#### [Instructions to follow]
Would you write out, word for word, each line of the records below from the top through the one holding "rewrite ancestryE; apply/idP/idP;"?

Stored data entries
= = =

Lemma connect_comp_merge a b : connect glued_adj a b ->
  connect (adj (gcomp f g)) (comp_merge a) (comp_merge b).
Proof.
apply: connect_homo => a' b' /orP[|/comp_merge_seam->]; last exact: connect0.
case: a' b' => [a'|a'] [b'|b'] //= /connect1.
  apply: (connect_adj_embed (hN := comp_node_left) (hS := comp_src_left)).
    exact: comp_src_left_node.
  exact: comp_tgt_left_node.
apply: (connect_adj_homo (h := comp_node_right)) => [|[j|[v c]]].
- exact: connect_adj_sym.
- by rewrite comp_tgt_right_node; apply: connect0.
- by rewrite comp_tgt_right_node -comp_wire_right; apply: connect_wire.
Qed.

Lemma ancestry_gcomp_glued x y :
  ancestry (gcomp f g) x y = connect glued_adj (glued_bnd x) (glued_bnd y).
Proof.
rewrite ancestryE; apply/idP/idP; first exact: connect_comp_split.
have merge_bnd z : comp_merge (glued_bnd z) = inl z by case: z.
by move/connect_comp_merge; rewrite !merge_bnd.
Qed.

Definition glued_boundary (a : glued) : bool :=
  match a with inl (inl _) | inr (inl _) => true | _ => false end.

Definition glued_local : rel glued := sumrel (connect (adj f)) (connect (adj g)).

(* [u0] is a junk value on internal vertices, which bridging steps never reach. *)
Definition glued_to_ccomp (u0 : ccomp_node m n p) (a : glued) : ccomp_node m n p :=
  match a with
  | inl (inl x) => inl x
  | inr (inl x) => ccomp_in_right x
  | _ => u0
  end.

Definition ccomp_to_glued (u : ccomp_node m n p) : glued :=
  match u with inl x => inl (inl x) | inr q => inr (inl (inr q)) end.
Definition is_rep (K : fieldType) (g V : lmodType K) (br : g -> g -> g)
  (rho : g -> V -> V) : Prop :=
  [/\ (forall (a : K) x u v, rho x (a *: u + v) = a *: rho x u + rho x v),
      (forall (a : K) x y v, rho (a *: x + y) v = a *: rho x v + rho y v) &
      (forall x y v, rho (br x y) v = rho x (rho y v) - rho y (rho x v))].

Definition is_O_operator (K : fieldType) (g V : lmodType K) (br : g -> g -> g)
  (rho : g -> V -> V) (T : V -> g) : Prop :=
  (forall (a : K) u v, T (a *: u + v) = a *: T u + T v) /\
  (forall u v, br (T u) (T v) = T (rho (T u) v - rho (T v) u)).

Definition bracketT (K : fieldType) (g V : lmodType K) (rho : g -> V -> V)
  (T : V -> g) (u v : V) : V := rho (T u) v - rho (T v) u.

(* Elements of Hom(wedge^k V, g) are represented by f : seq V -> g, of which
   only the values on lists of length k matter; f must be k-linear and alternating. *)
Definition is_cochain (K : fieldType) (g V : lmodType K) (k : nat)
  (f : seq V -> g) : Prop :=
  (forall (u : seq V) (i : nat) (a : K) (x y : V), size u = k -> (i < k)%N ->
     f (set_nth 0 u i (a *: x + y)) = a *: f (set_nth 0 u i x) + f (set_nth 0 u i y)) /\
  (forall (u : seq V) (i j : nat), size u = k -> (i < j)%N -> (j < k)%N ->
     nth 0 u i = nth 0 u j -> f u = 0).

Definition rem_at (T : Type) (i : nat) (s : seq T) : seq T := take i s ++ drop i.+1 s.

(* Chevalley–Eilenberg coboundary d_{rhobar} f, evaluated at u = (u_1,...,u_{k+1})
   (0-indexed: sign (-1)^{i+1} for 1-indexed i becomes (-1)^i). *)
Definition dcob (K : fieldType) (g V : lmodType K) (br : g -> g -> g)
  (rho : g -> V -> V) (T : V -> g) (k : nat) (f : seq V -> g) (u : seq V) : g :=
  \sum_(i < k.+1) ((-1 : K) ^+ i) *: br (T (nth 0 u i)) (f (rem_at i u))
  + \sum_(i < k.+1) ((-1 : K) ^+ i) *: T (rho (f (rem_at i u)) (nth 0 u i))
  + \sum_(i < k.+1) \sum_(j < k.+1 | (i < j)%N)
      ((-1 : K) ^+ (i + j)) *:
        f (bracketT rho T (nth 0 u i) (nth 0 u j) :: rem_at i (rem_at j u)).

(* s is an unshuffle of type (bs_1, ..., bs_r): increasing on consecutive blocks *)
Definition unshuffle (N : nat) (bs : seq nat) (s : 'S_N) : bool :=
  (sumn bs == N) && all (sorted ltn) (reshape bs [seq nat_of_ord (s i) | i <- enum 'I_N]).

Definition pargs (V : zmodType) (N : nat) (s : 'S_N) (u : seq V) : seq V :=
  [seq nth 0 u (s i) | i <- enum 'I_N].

= = =

#### [Result below]
Lemma connect_comp_merge a b : connect glued_adj a b ->
  connect (adj (gcomp f g)) (comp_merge a) (comp_merge b).
Proof.
apply: connect_homo => a' b' /orP[|/comp_merge_seam->]; last exact: connect0.
case: a' b' => [a'|a'] [b'|b'] //= /connect1.
  apply: (connect_adj_embed (hN := comp_node_left) (hS := comp_src_left)).
    exact: comp_src_left_node.
  exact: comp_tgt_left_node.
apply: (connect_adj_homo (h := comp_node_right)) => [|[j|[v c]]].
- exact: connect_adj_sym.
- by rewrite comp_tgt_right_node; apply: connect0.
- by rewrite comp_tgt_right_node -comp_wire_right; apply: connect_wire.
Qed.

Lemma ancestry_gcomp_glued x y :
  ancestry (gcomp f g) x y = connect glued_adj (glued_bnd x) (glued_bnd y).
Proof.
rewrite ancestryE; apply/idP/idP; first exact: connect_comp_split.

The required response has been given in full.